Mattew Curtis as Food Tester

George Pearcy as Giles

Characters

Major Characters
Tom - Sorting through the belongings of his dead mother, 12-year-old Tom York discovers that she was the notorious highwaywoman Swiftnick. Though something of a coward, Tom dons a mask and, having decided he looks dashing enough, takes up the mantle to continue the family tradition. He is obnoxious and has a soft spot for Lady Devereux.Tom would do anything to get money and would sometimes end up with a rubbish plan like when he and Moses dressed up as women to get in the castle in the episode "Kidnapped". Tom thinks extremely highly of himself and presents himself as someone who is nearly unbeatable, when he perfectly well knows he is not.

Moses - Tom is joined in his risky venture by his best friend Moses, a precocious ten-year-old who fancies himself as an inventor but whose creations rarely work. He was once Sir John's inventor. At times he is feeble and is useless but can be fiercely loyal to Tom as was displayed in the episode "Pants".

Deedee - Deedee is a tomboy-ish girl who is more courageous, resourceful and capable than the two lads put together. Although, like the others, Deedee masquerades as a peasant, she is actually Lady Devereux, the lady of the local castle. The other two are unaware of this; she hides herself by making up excuses when she gets news from the castle. She has a secret tunnel that can lead out of the village from her wardrobe.
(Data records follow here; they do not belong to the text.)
(* Let $S$ and $T$ be two distinct finite symmetric generating sets of the finitely generated group $G$. Then, for any action $\Phi$ of $G$ on $X$ and any Borel measure $\mu$ on $X$: (i) $\Phi$ has shadowing with respect to $S$ if and only if it has shadowing with respect to $T$. (ii) $\Phi$ is topologically stable with respect to $S$ if and only if it is topologically stable with respect to $T$. (iii) $\Phi$ is persistent with respect to $S$ if and only if it is persistent with respect to $T$. (iv) $\Phi$ has $\mu$-shadowing with respect to $S$ if and only if it has $\mu$-shadowing with respect to $T$. (v) $\Phi$ is $\mu$-topologically stable with respect to $S$ if and only if it is $\mu$-topologically stable with respect to $T$. (vi) $\Phi$ is $\mu$-persistent with respect to $S$ if and only if it is $\mu$-persistent with respect to $T$.
   Context: $G$ is a finitely generated group and $(X,\mathcal{U})$ is a uniform space with uniformity $\mathcal{U}$ (whose members are called entourages). For $U,V\subset X\times X$, $U\circ V=\{(x,y)\mid \exists z,\ (x,z)\in U,(z,y)\in V\}$, and $D[x]=\{y\mid (x,y)\in D\}$. An action of $G$ on $X$ is a map $\Phi:G\times X\to X$ such that each $\Phi_g=\Phi(g,\cdot)$ is a uniform equivalence, $\Phi_e=\mathrm{id}$, and $\Phi_{g_1g_2}=\Phi_{g_1}\circ\Phi_{g_2}$; $Act(G,X)$ denotes the set of such actions. Generating sets are finite and symmetric. For a generating set $S$ and $D\in\mathcal{U}$: $\{x_g\}_{g\in G}$ is a $D$-pseudo orbit (w.r.t. $S$) if $(x_{sg},\Phi_s(x_g))\in D$ for all $s\in S$, $g\in G$; it is $E$-shadowed by $x$ if $(x_g,\Phi_g(x))\in E$ for all $g\in G$; it is through a set $B$ if $x_e\in B$. With respect to $S$: - $\Phi$ has shadowing if for every $E\in\mathcal{U}$ there is $D\in\mathcal{U}$ such that every $D$-pseudo orbit is $E$-shadowed by some point. - $\Phi$ is topologically stable if for every $E\in\mathcal{U}$ there is $D\in\mathcal{U}$ such that whenever $\Psi\in Act(G,X)$ satisfies $(\Psi_s(x),\Phi_s(x))\in D$ for all $x\in X$, $s\in S$, there is a continuous $f:X\to X$ with $\Phi_g\circ f=f\circ\Psi_g$ for all $g$ and $(x,f(x))\in E$ for all $x$. - $\Phi$ is persistent if for every $E$ there is $D$ such that for every such $\Psi$ and every $x\in X$ there is $y$ with $(\Psi_g(x),\Phi_g(y))\in E$ for all $g\in G$. - $\Phi$ has $\mu$-shadowing if for every $E$ there are $D$ and a measurable $B$ with $\mu(X\setminus B)=0$ such that every $D$-pseudo orbit through $B$ is $E$-shadowed by some point. - $\Phi$ is $\mu$-topologically stable if for every $E$ there is $D$ such that for every such $\Psi$ there is an upper semi-continuous compact-valued set-valued map $H:X\to\mathcal{P}(X)$ with measurable domain $Dom(H)=\{x\mid H(x)\neq\emptyset\}$ satisfying $\mu(X\setminus Dom(H))=0$, $\mu(H(x))=0$ for all $x$, $H(x)\subset E[x]$ for all $x$, and $\Phi_g\circ H=H\circ\Psi_g$ for all $g\in G$. ($H$ is upper semi-continuous if for every $x\in Dom(H)$ and open $O\supset H(x)$ there is $D'\in\mathcal{U}$ with $H(y)\subset O$ whenever $(x,y)\in D'$.) - $\Phi$ is $\mu$-persistent if for every $E$ there are $D$ and a measurable $B$ with $\mu(X\setminus B)=0$ such that for every such $\Psi$ and every $x\in B$ there is $y$ with $(\Psi_g(x),\Phi_g(y))\in E$ for all $g\in G$. *)

From HB Require Import structures.
From mathcomp Require Import all_boot all_order all_algebra.
From mathcomp Require Import monoid.
From mathcomp Require Import all_classical all_reals all_analysis.

Set Implicit Arguments.
Unset Strict Implicit.
Unset Printing Implicit Defensive.

Local Open Scope classical_set_scope.

Definition generates (G : groupType) (S : set G) : Prop :=
  forall P : set G,
    P 1%g -> (forall x y, P x -> P y -> P (x * y)%g) -> (forall x, P x -> P (x^-1)%g) ->
    S `<=` P -> P = setT.

Definition fin_sym_gen_set (G : groupType) (S : set G) : Prop :=
  [/\ finite_set S, (forall s, S s -> S (s^-1)%g) & generates S].

Definition ent_comp (X : Type) (U V : set (X * X)) : set (X * X) :=
  [set xy | exists z, U (xy.1, z) /\ V (z, xy.2)].

Definition ent_sec (X : Type) (D : set (X * X)) (x : X) : set X :=
  [set y | D (x, y)].

Definition uniform_equiv (X : puniformType) (f : X -> X) : Prop :=
  unif_continuous f /\
  exists g : X -> X, [/\ cancel f g, cancel g f & unif_continuous g].

Definition is_action (G : groupType) (X : puniformType) (Phi : G -> X -> X) : Prop :=
  [/\ (forall g, uniform_equiv (Phi g)),
      Phi 1%g = id
    & forall g1 g2, Phi (g1 * g2)%g = Phi g1 \o Phi g2].

Definition pseudo_orbit (G : groupType) (X : puniformType) (Phi : G -> X -> X)
    (S : set G) (D : set (X * X)) (xs : G -> X) : Prop :=
  forall s g, S s -> D (xs (s * g)%g, Phi s (xs g)).

Definition shadowed (G : groupType) (X : puniformType) (Phi : G -> X -> X)
    (E : set (X * X)) (xs : G -> X) (x : X) : Prop :=
  forall g, E (xs g, Phi g x).

Definition D_close (G : groupType) (X : puniformType) (Phi Psi : G -> X -> X)
    (S : set G) (D : set (X * X)) : Prop :=
  forall x s, S s -> D (Psi s x, Phi s x).

Definition has_shadowing (G : groupType) (X : puniformType) (Phi : G -> X -> X)
    (S : set G) : Prop :=
  forall E, entourage E -> exists2 D, entourage D &
    forall xs, pseudo_orbit Phi S D xs -> exists x, shadowed Phi E xs x.

Definition top_stable (G : groupType) (X : puniformType) (Phi : G -> X -> X)
    (S : set G) : Prop :=
  forall E, entourage E -> exists2 D, entourage D &
    forall Psi : G -> X -> X, is_action Psi -> D_close Phi Psi S D ->
      exists f : X -> X, [/\ continuous f,
        (forall g, Phi g \o f = f \o Psi g) & (forall x, E (x, f x))].

Definition persistent (G : groupType) (X : puniformType) (Phi : G -> X -> X)
    (S : set G) : Prop :=
  forall E, entourage E -> exists2 D, entourage D &
    forall Psi : G -> X -> X, is_action Psi -> D_close Phi Psi S D ->
      forall x, exists y, forall g, E (Psi g x, Phi g y).

Notation borel_type X := (g_sigma_algebraType (@open X)).

Definition mu_shadowing (R : realType) (G : groupType) (X : puniformType)
    (mu : measure (borel_type X) R) (Phi : G -> X -> X)
    (S : set G) : Prop :=
  forall E, entourage E -> exists D, exists B : set (borel_type X),
    [/\ entourage D, measurable B, mu (~` B) = 0%E &
      forall xs, pseudo_orbit Phi S D xs -> B (xs 1%g) ->
        exists x, shadowed Phi E xs x].

Definition usc (X : puniformType) (H : X -> set X) : Prop :=
  forall x, H x !=set0 -> forall O : set X, open O -> H x `<=` O ->
    exists2 D', entourage D' & forall y, D' (x, y) -> H y `<=` O.

Definition dom_sv (X : Type) (H : X -> set X) : set X := [set x | H x !=set0].

Definition mu_top_stable (R : realType) (G : groupType) (X : puniformType)
    (mu : measure (borel_type X) R) (Phi : G -> X -> X)
    (S : set G) : Prop :=
  forall E, entourage E -> exists2 D, entourage D &
    forall Psi : G -> X -> X, is_action Psi -> D_close Phi Psi S D ->
      exists H : X -> set X,
        [/\ usc H /\ (forall x, compact (H x)),
            measurable (dom_sv H : set (borel_type X)) /\
            mu (~` (dom_sv H : set (borel_type X))) = 0%E,
            (forall x, measurable (H x : set (borel_type X)) /\
                       mu (H x : set (borel_type X)) = 0%E),
            (forall x, H x `<=` ent_sec E x) &
            (forall g x, Phi g @` H x = H (Psi g x))].

Definition mu_persistent (R : realType) (G : groupType) (X : puniformType)
    (mu : measure (borel_type X) R) (Phi : G -> X -> X)
    (S : set G) : Prop :=
  forall E, entourage E -> exists D, exists B : set (borel_type X),
    [/\ entourage D, measurable B, mu (~` B) = 0%E &
      forall Psi : G -> X -> X, is_action Psi -> D_close Phi Psi S D ->
        forall x, B x -> exists y, forall g, E (Psi g x, Phi g y)].

From HB Require Import structures.
From mathcomp Require Import all_boot all_order all_algebra.
From mathcomp Require Import monoid.
From mathcomp Require Import all_classical all_reals all_analysis.

(* Every element of T is a word in S, and pseudo-orbit defects propagate along
   words: (x_{g g' h}, Phi_g x_{g' h}) is small by the defect at g, and
   (Phi_g x_{g' h}, Phi_g (Phi_{g'} x_h)) is small because Phi_g is uniformly
   continuous.  So for every entourage E some D makes each D-pseudo orbit
   w.r.t. S an E-pseudo orbit w.r.t. T, uniformly since T is finite.  An action
   Psi that is D-close to Phi on S has all its orbits D-pseudo orbits of Phi
   w.r.t. S, so closeness on S controls closeness on T as well.  The six
   properties see the generating set only through pseudo orbits and closeness
   on generators. *)

Set Implicit Arguments.
Unset Strict Implicit.
Unset Printing Implicit Defensive.

Local Open Scope classical_set_scope.

Section PseudoOrbits.
Variables (G : groupType) (X : puniformType) (Phi : G -> X -> X).

Lemma pseudo_orbitS (S : set G) (D D' : set (X * X)) (xs : G -> X) :
  D `<=` D' -> pseudo_orbit Phi S D xs -> pseudo_orbit Phi S D' xs.
Proof. by move=> sDD' po s g Ss; apply/sDD'/po. Qed.

Definition pseudo_orbit_refines (S T : set G) : Prop :=
  forall E, entourage E -> exists2 D, entourage D &
    forall xs, pseudo_orbit Phi S D xs -> pseudo_orbit Phi T E xs.

Lemma refines_finite (S T : set G) : finite_set T ->
  (forall t, T t -> pseudo_orbit_refines S [set t]) -> pseudo_orbit_refines S T.
Proof.
move=> finT refT E entE.
have /choice [D DP] : forall t, exists D, T t -> entourage D /\
    forall xs, pseudo_orbit Phi S D xs -> pseudo_orbit Phi [set t] E xs.
  move=> t; have [Tt|nTt] := pselect (T t); last by exists setT.
  by have [D entD PD] := refT t Tt E entE; exists D.
exists (\bigcap_(t in T) D t).
  rewrite -(fset_setK finT); apply: (@filter_bigI _ _ _ D) => t.
  by rewrite in_fset_set // inE => /DP [].
move=> xs po t g Tt; apply: (DP t Tt).2 => //.
by apply: pseudo_orbitS po => ? /(_ t Tt).
Qed.

Hypothesis Phi_act : is_action Phi.

Lemma actK (g : G) : cancel (Phi g) (Phi g^-1).
Proof.
have [_ Phi1 PhiM] := Phi_act.
by move=> x; rewrite -[RHS]/(id x) -Phi1 -(mulVg g) PhiM.
Qed.

Lemma refines1 (S : set G) : pseudo_orbit_refines S [set 1%g].
Proof.
have [_ Phi1 _] := Phi_act.
move=> E entE; exists E => // xs _ _ g ->.
by rewrite mul1g Phi1; apply: entourage_refl.
Qed.

Lemma refines_generator (S : set G) (s : G) :
  S s -> pseudo_orbit_refines S [set s].
Proof. by move=> Ss E entE; exists E => // xs po _ g ->; apply: po. Qed.

Lemma refinesM (S : set G) (g1 g2 : G) :
  pseudo_orbit_refines S [set g1] -> pseudo_orbit_refines S [set g2] ->
  pseudo_orbit_refines S [set (g1 * g2)%g].
Proof.
move=> ref1 ref2 E entE; have [unifPhi _ PhiM] := Phi_act.
have splitE := entourage_split_ent entE.
have [D1 entD1 PD1] := ref1 _ splitE.
have [D2 entD2 PD2] := ref2 _ ((unifPhi g1).1 _ splitE).
exists (D1 `&` D2); first exact: filterI.
move=> xs po _ h ->; apply: (entourage_split (Phi g1 (xs (g2 * h)%g)) entE).
  rewrite -mulgA; apply: (PD1 xs _ g1 _ erefl).
  by apply: pseudo_orbitS po; apply: subIsetl.
rewrite PhiM; apply: (PD2 xs _ g2 _ erefl).
by apply: pseudo_orbitS po; apply: subIsetr.
Qed.

Lemma refinesV (S : set G) (g : G) :
  pseudo_orbit_refines S [set g] -> pseudo_orbit_refines S [set g^-1%g].
Proof.
move=> refg E entE; have [unifPhi _ _] := Phi_act.
have [D entD PD] := refg _ ((unifPhi g^-1%g).1 _ (entourage_inv entE)).
exists D => // xs po _ h ->.
by have := PD xs po g (g^-1 * h)%g erefl; rewrite mulVKg /= actK.
Qed.

Lemma refines_generates (S T : set G) : generates S -> finite_set T ->
  pseudo_orbit_refines S T.
Proof.
move=> genS finT; apply: refines_finite => // t _.
have refS : [set g | pseudo_orbit_refines S [set g]] = setT.
  by apply: genS; [apply: refines1 | apply: refinesM | apply: refinesV
                  | move=> s; apply: refines_generator].
by have : [set g | pseudo_orbit_refines S [set g]] t by rewrite refS.
Qed.

Lemma orbit_pseudo_orbit (S : set G) (D : set (X * X)) (Psi : G -> X -> X)
    (x : X) :
  is_action Psi -> D_close Phi Psi S D -> pseudo_orbit Phi S D (Psi^~ x).
Proof. by move=> [_ _ PsiM] close s g Ss; rewrite PsiM; apply: close. Qed.

Lemma D_close_refines (S T : set G) : pseudo_orbit_refines S T ->
  forall E, entourage E -> exists2 D, entourage D &
    forall Psi, is_action Psi -> D_close Phi Psi S D -> D_close Phi Psi T E.
Proof.
move=> refST E entE; have [D entD PD] := refST E entE.
exists D => // Psi actPsi close x t Tt; have [_ Psi1 _] := actPsi.
have := PD _ (orbit_pseudo_orbit x actPsi close) t 1%g Tt.
by rewrite mulg1 Psi1.
Qed.

Lemma has_shadowing_refines (S T : set G) : pseudo_orbit_refines T S ->
  has_shadowing Phi S -> has_shadowing Phi T.
Proof.
move=> refTS shS E entE; have [D1 entD1 shD1] := shS E entE.
by have [D entD PD] := refTS D1 entD1; exists D => // xs /PD /shD1.
Qed.

Lemma mu_shadowing_refines (R : realType) (mu : measure (borel_type X) R)
    (S T : set G) : pseudo_orbit_refines T S ->
  mu_shadowing mu Phi S -> mu_shadowing mu Phi T.
Proof.
move=> refTS shS E entE; have [D1 [B [entD1 mB muB shD1]]] := shS E entE.
by have [D entD PD] := refTS D1 entD1; exists D, B; split => // xs /PD /shD1.
Qed.

Lemma perturbation_refines (S T : set G)
    (P : set (X * X) -> (G -> X -> X) -> Prop) : pseudo_orbit_refines T S ->
  (forall E, entourage E -> exists2 D, entourage D &
     forall Psi, is_action Psi -> D_close Phi Psi S D -> P E Psi) ->
  (forall E, entourage E -> exists2 D, entourage D &
     forall Psi, is_action Psi -> D_close Phi Psi T D -> P E Psi).
Proof.
move=> refTS stS E entE; have [D1 entD1 PD1] := stS E entE.
have [D entD PD] := D_close_refines refTS entD1.
by exists D => // Psi actPsi /(PD _ actPsi) /(PD1 _ actPsi).
Qed.

Lemma mu_persistent_refines (R : realType) (mu : measure (borel_type X) R)
    (S T : set G) : pseudo_orbit_refines T S ->
  mu_persistent mu Phi S -> mu_persistent mu Phi T.
Proof.
move=> refTS perS E entE; have [D1 [B [entD1 mB muB PD1]]] := perS E entE.
have [D entD PD] := D_close_refines refTS entD1.
by exists D, B; split => // Psi actPsi /(PD _ actPsi) /(PD1 _ actPsi).
Qed.

End PseudoOrbits.

Theorem lemma2p5 (R : realType) (G : groupType) (X : puniformType)
    (S T : set G) (Phi : G -> X -> X)
    (mu : measure (borel_type X) R) :
  fin_sym_gen_set S -> fin_sym_gen_set T -> S <> T ->
  is_action Phi ->
  ((has_shadowing Phi S <-> has_shadowing Phi T) /\
   (top_stable Phi S <-> top_stable Phi T) /\
   (persistent Phi S <-> persistent Phi T) /\
   (mu_shadowing mu Phi S <-> mu_shadowing mu Phi T) /\
   (mu_top_stable mu Phi S <-> mu_top_stable mu Phi T) /\
   (mu_persistent mu Phi S <-> mu_persistent mu Phi T)).
Proof.
move=> [finS _ genS] [finT _ genT] _ actPhi.
have refST := refines_generates actPhi genS finT.
have refTS := refines_generates actPhi genT finS.
split; first by split; apply: has_shadowing_refines.
split; first by split; apply: perturbation_refines.
split; first by split; apply: perturbation_refines.
split; first by split; apply: mu_shadowing_refines.
split; first by split; apply: perturbation_refines.
by split; apply: mu_persistent_refines.
Qed.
In the episode "Locked In", the three got locked in the crypt and she decided to write about when they all first met, it turned out that she was being robbed but tricked them into giving her their clothes. She decided to be an outlaw when she thought her father who went to war was kidnapped.

In one of the episodes, Lady Devereux falls for a rich lord called Felix. Although criticising Tom's leadership skills at times she prefers to have him lead rather than anyone else as otherwise the gang falls apart as seen in "Pants" and the episode where Bardolph becomes leader of the gang.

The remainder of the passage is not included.